Finance Minister Michael Cullen has previously warned the pre-election update will paint a bleak picture and show a significantly worse position than was forecast in his May budget.
The budget predicted ongoing cash deficits of more than $3 billion and this is expected to have worsened.
"I think everyone expects there to be some deterioration given what's happening in the world economy, we're not immune to that," Helen Clark said on TV One's Breakfast programme.
"That brings the economy very much centre stage, because the issue is who has got the experience and judgment to lead this."
She said National was deliberately promising more than Labour and would borrow to pay for it.
"That's crazy in this environment," she said.
"We've got the worst international financial crisis probably ever, the worst turbulence in the markets ever, and the National Party says 'let's go and gamble some money'. That's silly."

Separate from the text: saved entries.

(* Let $\mathcal{C}$ be a model of linear logic with comonad $(!,\mathrm{der},\mathrm{dig})$. Let $(S,\pi_0,\pi_1,\sigma)$ be a summability structure on $\mathcal{C}$. Let $\partial_X:!SX\to S!X$ be a natural transformation satisfying $\pi_0\circ\partial_X=!\pi_0$, and set $\mathrm{d}_X:=\pi_1\circ\partial_X:!SX\to !X$. Then the equation $S(\mathrm{der}_X)\circ\partial_X=\mathrm{der}_{SX}$ holds (for all $X$) if and only if $\mathrm{der}_X\circ \mathrm{d}_X=\mathrm{der}_X\circ !\pi_1$ holds (for all $X$).
   Context: A comonad $(!,\mathrm{der},\mathrm{dig})$ consists of an endofunctor $!$ with natural transformations $\mathrm{der}_X:!X\to X$ and $\mathrm{dig}_X:!X\to !!X$ satisfying the comonad laws. A pre-summability structure $(S,\pi_0,\pi_1,\sigma)$ on $\mathcal{C}$ consists of the following data. There are distinguished zero morphisms $0_{X,Y}$. There is an endofunctor $S$ with $S(0)=0$. There are natural transformations $\pi_0,\pi_1,\sigma:S\Rightarrow\mathrm{Id}$, where $\pi_0,\pi_1$ are jointly monic: $\pi_0\circ f=\pi_0\circ g$ and $\pi_1\circ f=\pi_1\circ g$ imply $f=g$. Morphisms $f_0,f_1:X\to Y$ are summable if there is a (unique) $\langle f_0,f_1\rangle:X\to SY$ with $\pi_i\circ\langle f_0,f_1\rangle=f_i$. Their sum is $\sigma\circ\langle f_0,f_1\rangle$. A summability structure is a pre-summability structure whose partial sum is commutative, has $0$ as neutral element, and is associative, in the partial-commutative-monoid sense. *)

Set Implicit Arguments.
Unset Strict Implicit.

Record Category := {
  Obj :> Type;
  Hom : Obj -> Obj -> Type;
  idm : forall X : Obj, Hom X X;
  comp : forall X Y Z : Obj, Hom Y Z -> Hom X Y -> Hom X Z;
  comp_id_l : forall X Y (f : Hom X Y), comp (idm Y) f = f;
  comp_id_r : forall X Y (f : Hom X Y), comp f (idm X) = f;
  comp_assoc : forall X Y Z W (f : Hom X Y) (g : Hom Y Z) (h : Hom Z W),
      comp h (comp g f) = comp (comp h g) f
}.

Arguments idm {C} X : rename.
Arguments comp {C X Y Z} g f : rename.
Notation "g \o f" := (comp g f) (at level 40, left associativity).

Record EndoFunctor (C : Category) := {
  fobj :> C -> C;
  fmap : forall X Y : C, Hom X Y -> Hom (fobj X) (fobj Y);
  fmap_id : forall X : C, fmap (idm X) = idm (fobj X);
  fmap_comp : forall X Y Z (f : Hom X Y) (g : Hom Y Z),
      fmap (g \o f) = fmap g \o fmap f
}.
Arguments fmap {C} F {X Y} f : rename.

(** Natural transformations are given by their components and naturality;
    we state them for each needed shape. *)

Definition natural_to_id (C : Category) (F : EndoFunctor C)
  (a : forall X : C, Hom (F X) X) : Prop :=
  forall X Y (f : Hom X Y), f \o a X = a Y \o fmap F f.

Definition natural_to_comp (C : Category) (F G H : EndoFunctor C)
  (a : forall X : C, Hom (F X) (G (H X))) : Prop :=
  forall X Y (f : Hom X Y), fmap G (fmap H f) \o a X = a Y \o fmap F f.

Definition natural_swap (C : Category) (G H : EndoFunctor C)
  (a : forall X : C, Hom (G (H X)) (H (G X))) : Prop :=
  forall X Y (f : Hom X Y),
    fmap H (fmap G f) \o a X = a Y \o fmap G (fmap H f).

Arguments natural_to_id {C} F a.
Arguments natural_to_comp {C} F G H a.
Arguments natural_swap {C} G H a.

Record Comonad (C : Category) := {
  bang :> EndoFunctor C;
  der : forall X : C, Hom (bang X) X;
  dig : forall X : C, Hom (bang X) (bang (bang X));
  der_natural : natural_to_id bang der;
  dig_natural : natural_to_comp bang bang bang dig;
  comonad_law1 : forall X : C, der (bang X) \o dig X = idm (bang X);
  comonad_law2 : forall X : C, fmap bang (der X) \o dig X = idm (bang X);
  comonad_law3 : forall X : C,
      dig (bang X) \o dig X = fmap bang (dig X) \o dig X
}.
Arguments der {C} c X : rename.
Arguments dig {C} c X : rename.

Record PreSummability (C : Category) := {
  zero : forall X Y : C, Hom X Y;
  zero_comp_l : forall X Y Z (f : Hom X Y), zero Y Z \o f = zero X Z;
  zero_comp_r : forall X Y Z (g : Hom Y Z), g \o zero X Y = zero X Z;
  Sf :> EndoFunctor C;
  S_zero : forall X Y : C, fmap Sf (zero X Y) = zero (Sf X) (Sf Y);
  pi0 : forall X : C, Hom (Sf X) X;
  pi1 : forall X : C, Hom (Sf X) X;
  sigma : forall X : C, Hom (Sf X) X;
  pi0_natural : natural_to_id Sf pi0;
  pi1_natural : natural_to_id Sf pi1;
  sigma_natural : natural_to_id Sf sigma;
  pi_jointly_monic : forall X Y (f g : Hom X (Sf Y)),
      pi0 Y \o f = pi0 Y \o g -> pi1 Y \o f = pi1 Y \o g -> f = g
}.
Arguments zero {C} p X Y : rename.
Arguments pi0 {C} p X : rename.
Arguments pi1 {C} p X : rename.
Arguments sigma {C} p X : rename.

Definition summable (C : Category) (P : PreSummability C) (X Y : C)
  (f0 f1 : Hom X Y) : Prop :=
  exists h : Hom X (P Y), pi0 P Y \o h = f0 /\ pi1 P Y \o h = f1.

Definition is_sum (C : Category) (P : PreSummability C) (X Y : C)
  (f0 f1 g : Hom X Y) : Prop :=
  exists h : Hom X (P Y),
    pi0 P Y \o h = f0 /\ pi1 P Y \o h = f1 /\ sigma P Y \o h = g.

Record Summability (C : Category) := {
  presum :> PreSummability C;
  sum_comm : forall X Y (f0 f1 g : Hom X Y),
      is_sum presum f0 f1 g -> is_sum presum f1 f0 g;
  sum_zero : forall X Y (f : Hom X Y), is_sum presum f (zero presum X Y) f;
  sum_assoc : forall X Y (f0 f1 f2 g01 g : Hom X Y),
      is_sum presum f0 f1 g01 -> is_sum presum g01 f2 g ->
      exists g12, is_sum presum f1 f2 g12 /\ is_sum presum f0 g12 g
}.

Definition dmap (C : Category) (B : Comonad C) (P : PreSummability C)
  (partial : forall X : C, Hom (B (P X)) (P (B X))) (X : C)
  : Hom (B (P X)) (B X) :=
  pi1 P (B X) \o partial X.
Arguments dmap {C} B P partial X.


(* Under [pi0 o partial = !pi0], the two sides of [S(der) o partial = der_S]
   always agree after [pi0] (naturality of [der]), so by joint monicity of
   [pi0, pi1] the equation reduces to its [pi1]-component; naturality of [pi1]
   and of [der] turn that component into [der o d = der o !pi1]. *)

Section DerelictionAndDerivative.

Variables (C : Category) (B : Comonad C) (P : PreSummability C).
Variable partial : forall X : C, Hom (B (P X)) (P (B X)).
Hypothesis partial_pi0 : forall X : C, pi0 P (B X) \o partial X = fmap B (pi0 P X).

Lemma pi0_S_der_partial (X : C) :
  pi0 P X \o (fmap P (der B X) \o partial X) = pi0 P X \o der B (P X).
Proof.
  rewrite comp_assoc, <- (pi0_natural P), <- comp_assoc, partial_pi0.
  symmetry; apply (der_natural B).
Qed.

Lemma pi1_S_der_partial (X : C) :
  pi1 P X \o (fmap P (der B X) \o partial X) = der B X \o dmap B P partial X.
Proof.
  unfold dmap.
  rewrite comp_assoc, <- (pi1_natural P), comp_assoc.
  reflexivity.
Qed.

Lemma S_der_partial_eq_derP (X : C) :
  fmap P (der B X) \o partial X = der B (P X) <->
  der B X \o dmap B P partial X = der B X \o fmap B (pi1 P X).
Proof.
  rewrite <- pi1_S_der_partial, <- (der_natural B).
  split.
  - intros E; rewrite E; reflexivity.
  - intros E; apply (@pi_jointly_monic _ P); [apply pi0_S_der_partial | exact E].
Qed.

End DerelictionAndDerivative.

Theorem mainTheorem4 (C : Category) (B : Comonad C) (S : Summability C)
  (partial : forall X : C, Hom (B (S X)) (S (B X)))
  (partial_nat : natural_swap B S partial)
  (partial_pi0 : forall X : C, pi0 S (B X) \o partial X = fmap B (pi0 S X)) :
  (forall X : C, fmap S (der B X) \o partial X = der B (S X)) <->
  (forall X : C, der B X \o dmap B S partial X = der B X \o fmap B (pi1 S X)).
Proof.
  split; intros E X; apply (@S_der_partial_eq_derP C B S partial partial_pi0); apply E.
Qed.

Helen Clark said Dr Cullen had been very careful with money, and because of that New Zealand was in much better shape than many other countries to deal with the international crisis.
"If we'd been blowing the bank as National advocates, chucking tons of money away in tax cuts year after year, we'd be in an extremely difficult position now."
Speaking on Radio New Zealand, she said the situation had meant Labour was "having to phase and scale things" as it prepared to announce new policies.
National Bank chief economist Cameron Bagrie said the Treasury would release a range of figures but the important one was the Government's cash flow.
"There are going to be pretty substantial deficits, I suspect something in the order of $5 billion for the next two to three years," he said.
"That means more government borrowing, but we don't need to be alarmist about that because its debt position is very favourable compared with many other countries."
Economics professor Roger Bowden agreed the Government's debt position was "very conservative" but he did not think it had prepared for the crisis in the best way.
"Far from being fiscally responsible, the present government has been spending up too big too soon," he said.
"The problem is ... we're going to start needing an expanded fiscal policy and the room to move has become very restricted."